CHAPITRE 12

POV EDWARD

Je n'en croyais pas mes yeux, elle était partie comme ça sous prétexte d'avoir besoin de prendre l'air. Non mais quel culot ! C'est moi qui devrait avoir besoin d'aller m'oxygéner.

Toute cette histoire me bouffait littéralement de l'intérieur. Je ne savais pas ce que je voulais, ce à quoi j'étais prêt.

Pourrais-je accepter d'élever un enfant dont je ne suis pas le père ? Pourrais-je l'aimer comme si c'était le mien ?

J'avais toujours imaginer fonder une famille et le rêve absolu était que Bella soit la mère de mes enfants. Et malgré elle, elle venait de gâcher ce rêve.

Je lui en voulais de me mettre dans cette situation, de nous mettre dans cette situation.

Quand le médecin nous avait annoncé sa grossesse, j'étais fou de joie mais j'étais vite redescendu sur Terre quand on avait prit conscience que nous ne savions pas qui en était le père. La douleur avait pris possession de mon corps, de mon cœur que je n'arrivais même pas à parler.

Cependant, ce que je ne comprenais pas c'est pourquoi mon cœur avait eu un raté quand elle avait demandé combien de temps il lui restait si elle décidait d'avorter ? C'était la solution la plus simple pour tout le monde mais une part de moi qui prenait de plus en plus d'ampleur ce refusait à faire se choix.

J'étais mitigé …

D'un côté, je ne voulais pas de cet enfant car j'ignorais si j'en étais le père biologique et d'autre part, je commençais petit à petit à m'attacher à lui. Je l'imaginais grandir, apprendre à marcher, à parler …

Et c'est là que je pris conscience que la seule chose qui me bloquait même si elle s'avérait assez importante c'est que je ne savais pas si j'en étais le père.

J'avais 50% de chance de l'être. 50%! Autant jouer au loto.

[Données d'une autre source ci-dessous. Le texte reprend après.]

(* Let $N\ge 2$ be an integer. For nonnegative reals $h_1,\dots,h_N,g_1,\dots,g_N$ define (logarithms base $2$, $[x]^+=\max\{x,0\}$, $\Omega^c=\{1,\dots,N\}\setminus\Omega$) $$\overline C:=\min_{\Omega\subseteq\{1,\dots,N\}}\Big\{\log\Big(1+\big(\textstyle\sum_{i\in\Omega}g_i\big)^2\Big)+\log\Big(1+\sum_{j\in\Omega^c}h_j^2\Big)\Big\},$$ and for $\Delta>0$ $$R_{\mathrm{QMF}}(\Delta):=\min_{\Omega\subseteq\{1,\dots,N\}}\Big[\log\Big(1+\sum_{i\in\Omega}g_i^2\Big)+\log\Big(1+\sum_{j\in\Omega^c}\frac{h_j^2}{1+\Delta}\Big)-|\Omega|\log\frac{1+\Delta}{\Delta}\Big]^+.$$ Let $$\mathrm{gap}^*(\Delta;N):=\max\Big\{\log N+N\log\frac{1+\Delta}{\Delta},\ \log(N-1)+(N-1)\log\frac{1+\Delta}{\Delta}+\log(1+\Delta)\Big\}.$$ Then: (i) for every $\Delta>0$ and all nonnegative $h_i,g_i$, $\overline C-R_{\mathrm{QMF}}(\Delta)\le\mathrm{gap}^*(\Delta;N)$; (ii) $\min_{\Delta>0}\mathrm{gap}^*(\Delta;N)$ is attained at $\Delta_{\mathrm{opt}}=\frac{N}{N-1}$ if $N=2$ and at $\Delta_{\mathrm{opt}}=N-1$ if $N>2$, and the minimum value is $$\mathrm{gap}^*(N)=\begin{cases}2\log 3-1,& N=2,\\ N\log\frac{N}{N-1}+2\log(N-1),& N>2;\end{cases}$$ in particular, with the channel-independent choice $\Delta=\Delta_{\mathrm{opt}}$ at all relays, $\overline C-R_{\mathrm{QMF}}(\Delta_{\mathrm{opt}})\le\mathrm{gap}^*(N)=\Theta(\log N)$.
   Context: The setting is the full-duplex Gaussian $N$-relay diamond network: a source transmits $X$ with $\mathbb E|X|^2\le1$; relay $i$ receives $Y_i=\mathsf h_iX+Z_i$ and transmits $X_i$ with $\mathbb E|X_i|^2\le 1$; the destination receives $Y=\sum_i\mathsf g_iX_i+Z$, with i.i.d. $\mathcal{CN}(0,1)$ noises, and $h_i=|\mathsf h_i|$, $g_i=|\mathsf g_i|$. $\overline C$ is the cutset upper bound on capacity, and $R_{\mathrm{QMF}}(\Delta)$ is the quantize-map-and-forward achievable rate when every relay uses a Gaussian vector quantizer $\hat Y_i=Y_i+\hat Z_i$, $\hat Z_i\sim\mathcal{CN}(0,\Delta)$. *)

From HB Require Import structures.
From mathcomp Require Import all_boot all_order all_algebra.
From mathcomp Require Import all_classical all_reals.
From mathcomp Require Import exp.
Set Implicit Arguments. Unset Strict Implicit. Unset Printing Implicit Defensive.
Import Order.TTheory GRing.Theory Num.Theory.
Local Open Scope ring_scope.

Section Defs.
Variable R : realType.

Definition log2 (x : R) : R := ln x / ln 2.

Definition pos_part (x : R) : R := Num.max x 0.

(* minimum of F over all subsets Omega of {1..N} (here 'I_N);
   the seed F setT is itself one of the values, so this is the exact min *)
Definition min_subsets (N : nat) (F : {set 'I_N} -> R) : R :=
  \big[Order.min/F [set: 'I_N]%SET]_(S : {set 'I_N}) F S.
Lemma hfun_improve xn (Vn : seq Xs) (Wn : seq Ys) c k :
  uniformly_convex X -> size Vn = size Wn -> size c = size Vn -> (k < size Vn)%N ->
  pairX Vn`_k (Jps (Jp xn - lincomb c Vn)) != pairY Wn`_k y ->
  exists2 c', size c' = size Vn & h xn Vn Wn c' < h xn Vn Wn c.
Proof.
move=> uc VWn cVn kVn.
set eta := Jp xn - lincomb c Vn; set beta := pairY Wn`_k y.
have size_set tau : size (set_nth 0 c k (c`_k + tau)) = size Vn.
  by rewrite size_set_nth cVn; apply/maxn_idPr.
rewrite neq_lt => /orP[lt_v|gt_v].
- have lt_Nv : - beta < pairX (- Vn`_k) (Jps eta) by rewrite (pairNl dpX) ltrN2.
  have [tau tau0 desc] := norm_powR_descent dpX uc p_gt1 hJps _ _ _ lt_Nv.
  exists (set_nth 0 c k (c`_k + - tau)); first exact: size_set.
  rewrite hfun_set_nth //.
  by move: desc; rewrite scaleNr scalerN mulrN mulNr /h /hfun -/eta -/q -/beta; lra.
- have [tau tau0 desc] := norm_powR_descent dpX uc p_gt1 hJps _ _ _ gt_v.
  exists (set_nth 0 c k (c`_k + tau)); first exact: size_set.
  rewrite hfun_set_nth //.
  by move: desc; rewrite /h /hfun -/eta -/q -/beta; lra.
Qed.

Lemma hfun_argmin_stationary xn (Vn : seq Xs) (Wn : seq Ys) c :
  uniformly_convex X -> size Vn = size Wn -> size c = size Vn ->
  (forall c', size c' = size Vn -> h xn Vn Wn c <= h xn Vn Wn c') ->
  forall k, (k < size Vn)%N -> pairX Vn`_k (Jps (Jp xn - lincomb c Vn)) = pairY Wn`_k y.
Proof.
move=> uc VWn cVn c_min k kVn; apply/eqP; apply: contraT.
move=> /(hfun_improve xn Vn Wn c k uc VWn cVn kVn) [c' /c_min].
by rewrite leNgt => /negP.
Qed.

Hypothesis hJp : duality_map pairX p Jp.

Lemma Dp_Jps_step xn z (Vn : seq Xs) (Wn : seq Ys) c :
  smooth_wrt pairX -> size Vn = size Wn ->
  (forall k, (k < size Vn)%N -> pairX Vn`_k z = pairY Wn`_k y) ->
  Dp pairX p Jp (Jps (Jp xn - lincomb c Vn)) z =
  h xn Vn Wn c - pairX (Jp xn) z + p^-1 * `|z| `^ p.
Proof.
move=> sm VWn Vz; rewrite /Dp (JpK dpX p_gt1 hJp hJps sm) (duality_map_norm hJps).
rewrite powR_conj_sub1 // /h /hfun (pairBl dpX) (pair_lincomb dpX) -VWn.
rewrite (eq_bigr (fun i : 'I_(size Vn) => c`_i * pairY Wn`_i y)) => [|i _].
  by rewrite /q; lra.
by rewrite Vz.
Qed.

Lemma Dp_hfun_nseq0 xn z (Vn : seq Xs) (Wn : seq Ys) m :
  Dp pairX p Jp xn z = h xn Vn Wn (nseq m 0) - pairX (Jp xn) z + p^-1 * `|z| `^ p.
Proof.
rewrite /Dp /h /hfun lincomb_nseq0 subr0 big1 => [|i _]; last first.
  by rewrite nth_nseq if_same mul0r.
by rewrite addr0 (duality_map_norm hJp) powR_sub1_conj.
Qed.

End DescentFunction.

Section Run.
Context {R : realType} {X Y Xs Ys : normedModType R}.
Context {pairX : Xs -> X -> R} {pairY : Ys -> Y -> R}.
Context {A : X -> Y} {Astar : Ys -> Xs} {y : Y} {p r : R} {N : nat}.
Context {Jp : X -> Xs} {Jps : Xs -> X} {Jr : Y -> Ys}.
Context {x : nat -> X} {V : nat -> seq Xs} {W : nat -> seq Ys} {s t : nat -> seq R}.
Context {n : nat}.
Hypotheses (dpX : dual_pair pairX) (dpY : dual_pair pairY).
Hypothesis adj : forall (u : Ys) (v : X), pairX (Astar u) v = pairY u (A v).
Hypotheses (uc : uniformly_convex X) (p_gt1 : 1 < p) (N_gt0 : (0 < N)%N).
Hypothesis hJp : duality_map pairX p Jp.
Hypothesis hJps : duality_map (fun (v : X) (f : Xs) => pairX f v) (conj_exp p) Jps.
Hypothesis hJr : duality_map pairY r Jr.
Hypothesis run : is_run pairY A Astar y p N Jp Jps Jr x V W s t n.

Lemma shift_list_adjoint m (pV : seq Xs) (pW : seq Ys) (c : seq R) (u : Ys) :
  size pV = size pW -> (forall k v, pairX pV`_k v = pairY pW`_k (A v)) ->
  forall k v, pairX (shift_list N m pV (Astar u - lincomb c pV))`_k v =
              pairY (shift_list N m pW (u - lincomb c pW))`_k (A v).
Proof.
move=> VW rel k v.
apply: (@shift_list_rel _ _ (fun f w => pairX f v = pairY w (A v))) => //.
  by rewrite (pair0l dpX) (pair0l dpY).
rewrite (pairBl dpX) (pairBl dpY) adj (pair_lincomb dpX) (pair_lincomb dpY) VW.
by congr (_ - _); apply: eq_bigr => i _; rewrite rel.
Qed.

Lemma run_adjoint m : (m <= n)%N ->
  [/\ size (V m) = Nn N m, size (W m) = Nn N m &
      forall k v, pairX (V m)`_k v = pairY (W m)`_k (A v)].
Proof.
elim: m => [|m IH] le_mn; have [[_ _ _ -> ->] _] := run.2 _ le_mn.
  split; [exact: size_shift_list.. |].
  by apply: shift_list_adjoint => // k v; rewrite !nth_nil (pair0l dpX) (pair0l dpY).
have [sV sW rel] := IH (ltnW le_mn).
by split; [exact: size_shift_list.. | apply: shift_list_adjoint; rewrite ?sV].
Qed.

Lemma run_stationary m : (m < n)%N ->
  forall k, (k < Nn N m)%N -> pairX (V m)`_k (x m.+1) = pairY (W m)`_k y.
Proof.
move=> lt_mn k kN; have [sV sW _] := run_adjoint m (ltnW lt_mn).
have [_ [size_t t_min ->]] := run.2 _ (ltnW lt_mn).
by apply: (hfun_argmin_stationary dpX p_gt1 hJps); rewrite ?sV ?sW.
Qed.

Lemma run_residual_orthogonal m : (m <= n)%N ->
  let pW := if m is m'.+1 then W m' else [::] in
  size pW = (if m is m'.+1 then Nn N m' else 0%N) /\
  forall k, (k < size pW)%N -> pairY pW`_k (A (x m) - y) = 0.
Proof.
case: m => [|m] le_mn //=; have [_ sW rel] := run_adjoint m (ltnW le_mn).
split=> // k; rewrite sW => kN.
by rewrite (pairBr dpY) -rel run_stationary ?subrr.
Qed.

Lemma run_gap : pairY (W n)`_(Nn N n).-1 y < pairX (V n)`_(Nn N n).-1 (x n).
Proof.
have [_ _ rel] := run_adjoint n (leqnn n).
have [[res_neq0 _ _ _ Wn] _] := run.2 _ (leqnn n).
have [size_pW orth] := run_residual_orthogonal n (leqnn n).
rewrite rel -subr_gt0 -(pairBr dpY) Wn nth_shift_list_last //.
rewrite (pairBl dpY) (pair_lincomb dpY) (duality_map_pair hJr) big1 => [|i _].
  by rewrite subr0 powR_gt0 // normr_gt0.
by rewrite orth ?mulr0.
Qed.

Lemma run_descent :
  hfun pairY y p Jp (x n) (V n) (W n) (t n) <
  hfun pairY y p Jp (x n) (V n) (W n) (nseq (Nn N n) 0).
Proof.
have [sV sW _] := run_adjoint n (leqnn n).
have [_ [_ t_min _]] := run.2 _ (leqnn n).
have last_lt : ((Nn N n).-1 < size (V n))%N by rewrite sV /Nn; lia.
have gap : pairX (V n)`_(Nn N n).-1 (Jps (Jp (x n) - lincomb (nseq (Nn N n) 0) (V n)))
    != pairY (W n)`_(Nn N n).-1 y.
  by rewrite lincomb_nseq0 subr0 (JpsK dpX p_gt1 hJp hJps uc) gt_eqF // run_gap.
have [c' c'V lt_c'] := hfun_improve (pairY := pairY) dpX p_gt1 hJps (x n) (V n) (W n)
  (nseq (Nn N n) 0) (Nn N n).-1 uc (etrans sV (esym sW)) (etrans (size_nseq _ _) (esym sV))
  last_lt gap.
by apply: le_lt_trans (t_min c' _) lt_c'; rewrite c'V sV.
Qed.

End Run.

Theorem mainTheorem2 (R : realType)
  (X Y : completeNormedModType R) (Xs Ys : normedModType R)
  (pairX : Xs -> X -> R) (pairY : Ys -> Y -> R)
  (A : X -> Y) (Astar : Ys -> Xs) (y : Y) (p r : R) (N : nat)
  (Jp : X -> Xs) (Jps : Xs -> X) (Jr : Y -> Ys)
  (x : nat -> X) (V : nat -> seq Xs) (W : nat -> seq Ys) (s t : nat -> seq R)
  (n : nat) :
  dual_pair pairX -> dual_pair pairY ->
  uniformly_convex X -> smooth_wrt pairX ->
  (forall (a : R) (u v : X), A (a *: u + v) = a *: A u + A v) ->
  continuous A ->
  (forall (u : Ys) (v : X), pairX (Astar u) v = pairY u (A v)) ->
  (exists x0 : X, A x0 = y) ->
  1 < p -> 1 < r -> (0 < N)%N ->
  duality_map pairX p Jp ->
  duality_map (fun (v : X) (f : Xs) => pairX f v) (conj_exp p) Jps ->
  duality_map pairY r Jr ->
  is_run pairY A Astar y p N Jp Jps Jr x V W s t n ->
  exists tt : seq R, size tt = Nn N n /\
  exists S : R, 0 < S /\
    hfun pairY y p Jp (x n) (V n) (W n) tt
      <= hfun pairY y p Jp (x n) (V n) (W n) (nseq (Nn N n) 0) - S /\
    (forall z : X, A z = y ->
       Dp pairX p Jp (x n.+1) z <= Dp pairX p Jp (x n) z - S).
Proof.
move=> dpX dpY uc sm _ _ adj _ p_gt1 _ N_gt0 hJp hJps hJr run.
have [sV sW rel] := run_adjoint dpX dpY adj N_gt0 run n (leqnn n).
have [_ [size_t _ x_next]] := run.2 n (leqnn n).
have descent := run_descent dpX dpY adj uc p_gt1 N_gt0 hJp hJps hJr run.
set h := hfun pairY y p Jp (x n) (V n) (W n) in descent *.
exists (t n); split => //; exists (h (nseq (Nn N n) 0) - h (t n)).
split; first by rewrite subr_gt0.
split; first by rewrite opprB addrC subrK.
move=> z Az; have Vz k : (k < size (V n))%N -> pairX (V n)`_k z = pairY (W n)`_k y.
  by rewrite rel Az.
rewrite x_next (Dp_Jps_step dpX p_gt1 hJps hJp _ _ _ _ _ sm (etrans sV (esym sW)) Vz).
rewrite (Dp_hfun_nseq0 (pairY := pairY) (y := y) p_gt1 hJp _ _ (V n) (W n) (Nn N n)).
rewrite -/h; lra.
Qed.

Bella sentait que j'étais son père, elle en était convaincue mais je n'arrivais pas à en être aussi persuadé. Surtout que nous pourrions avoir la réponse qu'au moment où cette enfant viendrait au monde. Pourrais-je attendre aussi longtemps avant de savoir si cet enfant est vraiment le mien ? Je n'en savais rien.

De plus, nous devions prévenir Jacob. Si nous décidions de le garder ou même si nous décidions de mettre un terme à cette grossesse, il était en droit de savoir qu'il avait des chances ou des risques – selon de quel point de vue on se place – d'être père.

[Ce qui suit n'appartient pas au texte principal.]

(* swap of x (= Some x) and the fresh variable x' (= None) *)
Definition swap_fresh (x : nat) (o : option nat) : option nat :=
  match o with
  | None => Some x
  | Some v => if v == x then None else Some v
  end.

(* The fresh variable x' is [None]
   in [term S (option nat)]; s2 ranges over the terms obtained from t2 by
   renaming one of the two occurrences of x to x'. *)
Definition two_discerning (S : signature) (t1 t2 : term S nat) (x : nat) : Prop :=
  [/\ occ x t1 = 1,
      occ x t2 = 2,
      (forall v, v <> x -> occ v t1 = occ v t2 /\ occ v t1 <= 1) &
      (forall s2 : term S (option nat),
          rename (odflt x) s2 = t2 -> occ None s2 = 1 ->
          ~ derives t1 t2 s2 (rename (swap_fresh x) s2))].

Definition algebra (S : signature) (A : Type) := forall o : op S, ('I_(ar o) -> A) -> A.

Fixpoint eval (S : signature) (A V : Type) (alg : algebra S A) (rho : V -> A)
  (t : term S V) : A :=
  match t with
  | Var v => rho v
  | App o a => alg o (fun i => eval alg rho (a i))
  end.

Definition satisfies (S : signature) (A : Type) (alg : algebra S A)
  (t1 t2 : term S nat) : Prop :=
  forall rho : nat -> A, eval alg rho t1 = eval alg rho t2.

Record monoidal_monad := MonoidalMonad {
  T : Type -> Type;
  fmap : forall A B : Type, (A -> B) -> T A -> T B;
  ret : forall A : Type, A -> T A;
  join : forall A : Type, T (T A) -> T A;
  psi : forall A B : Type, T A -> T B -> T (A * B);
  fmap_id : forall A (m : T A), fmap id m = m;
  fmap_comp : forall A B C (f : A -> B) (g : B -> C) (m : T A),
      fmap (g \o f) m = fmap g (fmap f m);
  ret_nat : forall A B (f : A -> B) (a : A), fmap f (ret a) = ret (f a);
  join_nat : forall A B (f : A -> B) (m : T (T A)),
      fmap f (join m) = join (fmap (fmap f) m);
  psi_nat : forall A A' B B' (f : A -> A') (g : B -> B') (a : T A) (b : T B),
      psi (fmap f a) (fmap g b) = fmap (fun p => (f p.1, g p.2)) (psi a b);
  join_ret : forall A (m : T A), join (ret m) = m;
  join_fmap_ret : forall A (m : T A), join (fmap (@ret A) m) = m;
  join_join : forall A (m : T (T (T A))), join (join m) = join (fmap (@join A) m);
  (* lax monoidal structure, with psi^0 = ret tt *)
  psi_assoc : forall A B C (a : T A) (b : T B) (c : T C),
      fmap (fun p => (p.1.1, (p.1.2, p.2))) (psi (psi a b) c) = psi a (psi b c);
  psi_unitl : forall B (b : T B), fmap snd (psi (ret tt) b) = b;
  psi_unitr : forall A (a : T A), fmap fst (psi a (ret tt)) = a;
  ret_monoidal : forall A B (a : A) (b : B), psi (ret a) (ret b) = ret (a, b);
  join_monoidal : forall A B (m : T (T A)) (n : T (T B)),
      join (fmap (fun p => psi p.1 p.2) (psi m n)) = psi (join m) (join n)
}.
Arguments fmap {_ A B} _ _.
Arguments ret {_ A} _.
Arguments join {_ A} _.
Arguments psi {_ A B} _ _.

Je redoutais sa réaction. J'avais peur qu'il ne veuille assumer son rôle, s'il était le père biologique de l'enfant qui grandissait dans le ventre de la femme que j'aime.

Je ne supporterais pas d'être la troisième roue du carrosse. D'un autre côté, je le prendrais très mal s'il refusait d'assumer les conséquences de ses actes.

Voilà pourquoi j'étais tellement perdu. Je n'arrivais pas à prendre de décisions concrètes et définitives.

Sorti de mes pensées, je vis qu'il était 22h et que Bella n'était toujours pas rentré.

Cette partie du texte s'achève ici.